** Opening Stored data block **
(* Let $A$, $b$, $H$, $w_0$, $x_0=A^Tw_0$, and the sequences $r_k=b-Ax_k$, $x_k$ be as in the first-order CTA iteration in the context, and assume $Hr_k\ne0$ for all $k\ge0$ (so the sequences are infinite). (1) If $\operatorname{rank}(A)=m$, then $x_k$ converges to a solution of $Ax=b$; if $H=AA^T$, it converges to the minimum-norm solution of $Ax=b$. (2) $A^Tr_k\to0$. (3) If $Ax=b$ is solvable and $\{x_k\}$ is bounded, then $r_k\to0$ and every accumulation point of $\{x_k\}$ solves $Ax=b$. (4) If $Ax=b$ is solvable and $H=AA^T$, then for every $k$ there is $w_k\in\mathbb{R}^m$ with $x_k=A^Tw_k$; if $\{w_k\}$ is bounded, then $x_k$ converges to the minimum-norm solution $x_*$ of $Ax=b$.
   Context: $A\in\mathbb{R}^{m\times n}$, $b\in\mathbb{R}^m$; $H=AA^T$, or $H=A$ when $A$ is square symmetric positive semidefinite. For $r$ with $Hr\ne0$, $\alpha_{1,1}(r)=r^THr/r^TH^2r$ and $F_1(r)=r-\alpha_{1,1}(r)Hr$. Given $w_0\in\mathbb{R}^m$: $x_0=A^Tw_0$, $r_0=b-Ax_0$, $r_k=F_1(r_{k-1})$, and $x_k=x_{k-1}+\alpha_{1,1}(r_{k-1})r_{k-1}$ if $H=A$, $x_k=x_{k-1}+\alpha_{1,1}(r_{k-1})A^Tr_{k-1}$ if $H=AA^T$ (so $r_k=b-Ax_k$). *)

From HB Require Import structures.
From mathcomp Require Import all_boot all_order all_algebra.
From mathcomp Require Import all_classical all_reals all_analysis.
Set Implicit Arguments. Unset Strict Implicit. Unset Printing Implicit Defensive.
Import Order.TTheory GRing.Theory Num.Theory.
Import numFieldNormedType.Exports.
Local Open Scope ring_scope.

Definition alpha11 (R : realType) (m : nat) (H : 'M[R]_m) (r : 'cV[R]_m) : R :=
  (r^T *m H *m r) 0 0 / (r^T *m (H *m H) *m r) 0 0.

Definition F1 (R : realType) (m : nat) (H : 'M[R]_m) (r : 'cV[R]_m) : 'cV[R]_m :=
  r - alpha11 H r *: (H *m r).

(* Generic first-order CTA iteration: the pair (x_k, r_k), with
   x_k = x_{k-1} + alpha_{1,1}(r_{k-1}) D r_{k-1},  r_k = F_1(r_{k-1}),
   where D = A^T when H = A A^T and D = I when H = A (square case). *)
Fixpoint cta (R : realType) (m n : nat) (H : 'M[R]_m) (D : 'M[R]_(n, m))
    (x0 : 'cV[R]_n) (r0 : 'cV[R]_m) (k : nat) : 'cV[R]_n * 'cV[R]_m :=
  match k with
  | 0 => (x0, r0)
  | k'.+1 => let: (x, r) := cta H D x0 r0 k' in
             (x + alpha11 H r *: (D *m r), F1 H r)
  end.

Definition cta_AAT (R : realType) (m n : nat) (A : 'M[R]_(m, n)) (b w0 : 'cV[R]_m)
    (k : nat) : 'cV[R]_n * 'cV[R]_m :=
  cta (A *m A^T) A^T (A^T *m w0) (b - A *m (A^T *m w0)) k.

Definition cta_A (R : realType) (n : nat) (A : 'M[R]_n) (b w0 : 'cV[R]_n)
    (k : nat) : 'cV[R]_n * 'cV[R]_n :=
  cta A 1%:M (A^T *m w0) (b - A *m (A^T *m w0)) k.

Definition psd_sym (R : realType) (n : nat) (A : 'M[R]_n) : Prop :=
  A^T = A /\ forall v : 'cV[R]_n, 0 <= (v^T *m A *m v) 0 0.

Definition eucl2 (R : realType) (n : nat) (v : 'cV[R]_n) : R :=
  \sum_(i < n) v i 0 ^+ 2.

Definition is_min_norm_sol (R : realType) (m n : nat) (A : 'M[R]_(m, n))
    (b : 'cV[R]_m) (xs : 'cV[R]_n) : Prop :=
  A *m xs = b /\ forall y, A *m y = b -> eucl2 xs <= eucl2 y.

Definition bounded_seq (R : realType) (p q : nat) (u : nat -> 'M[R]_(p, q)) : Prop :=
  exists M : R, forall k, `|u k| <= M.

From HB Require Import structures.
From mathcomp Require Import all_boot all_order all_algebra.
From mathcomp Require Import all_classical all_reals all_analysis.
From mathcomp Require Import ring lra.
Import Order.TTheory GRing.Theory Num.Theory.
Import numFieldNormedType.Exports.
Local Open Scope ring_scope.
Local Open Scope classical_set_scope.

(* Write <u, v> = u^T v, and |M| for the max-norm of a matrix.  Both cases of
   the theorem are instances of one scheme: x_{k+1} = x_k + a_k D r_k,
   r_{k+1} = r_k - a_k H r_k, with H symmetric positive semidefinite, A D = H
   and a_k = <r_k, H r_k> / <H r_k, H r_k>  (D = A^T or D = 1).
   1. Invariants: A x_k + r_k = A x_0 + r_0 = b, and x_k stays in range D.
   2. Energy identity: |r_{k+1}|^2 = |r_k|^2 - <r_k, H r_k>^2 / |H r_k|^2, so
      |r_k|^2 decreases and its consecutive differences tend to 0.
   3. Cauchy-Schwarz for the semi-inner product <., H .> gives
      |H r|^2 <= K <r, H r>; with 2. this yields <r_k, H r_k> -> 0 and
      H r_k -> 0.  Since <r, A A^T r> = |A^T r|^2, this is part (2).
   4. If A y = b then |r_k|^2 = <y - x_k, A^T r_k>: bounded iterates force
      r_k -> 0, and by continuity of u |-> A u cluster points solve (part 3).
   5. A solution of the form A^T v has minimum norm.  Full rank makes H
      invertible, so r_k -> 0 and x_k = N (b - r_k) converges (part 1); bounded
      w_k with x_k = A^T w_k give |x_k - A^T v|^2 = -<w_k - v, r_k> -> 0 (4). *)

Section MaxNorm.
Context {R : realType}.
** Closing Stored data block **
• [What to do]: Return, exactly as they stand, the lines from the start of the records above through the line with "(* Generic first-order", both ends included, and no other lines.

• [Result]:
(* Let $A$, $b$, $H$, $w_0$, $x_0=A^Tw_0$, and the sequences $r_k=b-Ax_k$, $x_k$ be as in the first-order CTA iteration in the context, and assume $Hr_k\ne0$ for all $k\ge0$ (so the sequences are infinite). (1) If $\operatorname{rank}(A)=m$, then $x_k$ converges to a solution of $Ax=b$; if $H=AA^T$, it converges to the minimum-norm solution of $Ax=b$. (2) $A^Tr_k\to0$. (3) If $Ax=b$ is solvable and $\{x_k\}$ is bounded, then $r_k\to0$ and every accumulation point of $\{x_k\}$ solves $Ax=b$. (4) If $Ax=b$ is solvable and $H=AA^T$, then for every $k$ there is $w_k\in\mathbb{R}^m$ with $x_k=A^Tw_k$; if $\{w_k\}$ is bounded, then $x_k$ converges to the minimum-norm solution $x_*$ of $Ax=b$.
   Context: $A\in\mathbb{R}^{m\times n}$, $b\in\mathbb{R}^m$; $H=AA^T$, or $H=A$ when $A$ is square symmetric positive semidefinite. For $r$ with $Hr\ne0$, $\alpha_{1,1}(r)=r^THr/r^TH^2r$ and $F_1(r)=r-\alpha_{1,1}(r)Hr$. Given $w_0\in\mathbb{R}^m$: $x_0=A^Tw_0$, $r_0=b-Ax_0$, $r_k=F_1(r_{k-1})$, and $x_k=x_{k-1}+\alpha_{1,1}(r_{k-1})r_{k-1}$ if $H=A$, $x_k=x_{k-1}+\alpha_{1,1}(r_{k-1})A^Tr_{k-1}$ if $H=AA^T$ (so $r_k=b-Ax_k$). *)

From HB Require Import structures.
From mathcomp Require Import all_boot all_order all_algebra.
From mathcomp Require Import all_classical all_reals all_analysis.
Set Implicit Arguments. Unset Strict Implicit. Unset Printing Implicit Defensive.
Import Order.TTheory GRing.Theory Num.Theory.
Import numFieldNormedType.Exports.
Local Open Scope ring_scope.

Definition alpha11 (R : realType) (m : nat) (H : 'M[R]_m) (r : 'cV[R]_m) : R :=
  (r^T *m H *m r) 0 0 / (r^T *m (H *m H) *m r) 0 0.

Definition F1 (R : realType) (m : nat) (H : 'M[R]_m) (r : 'cV[R]_m) : 'cV[R]_m :=
  r - alpha11 H r *: (H *m r).

(* Generic first-order CTA iteration: the pair (x_k, r_k), with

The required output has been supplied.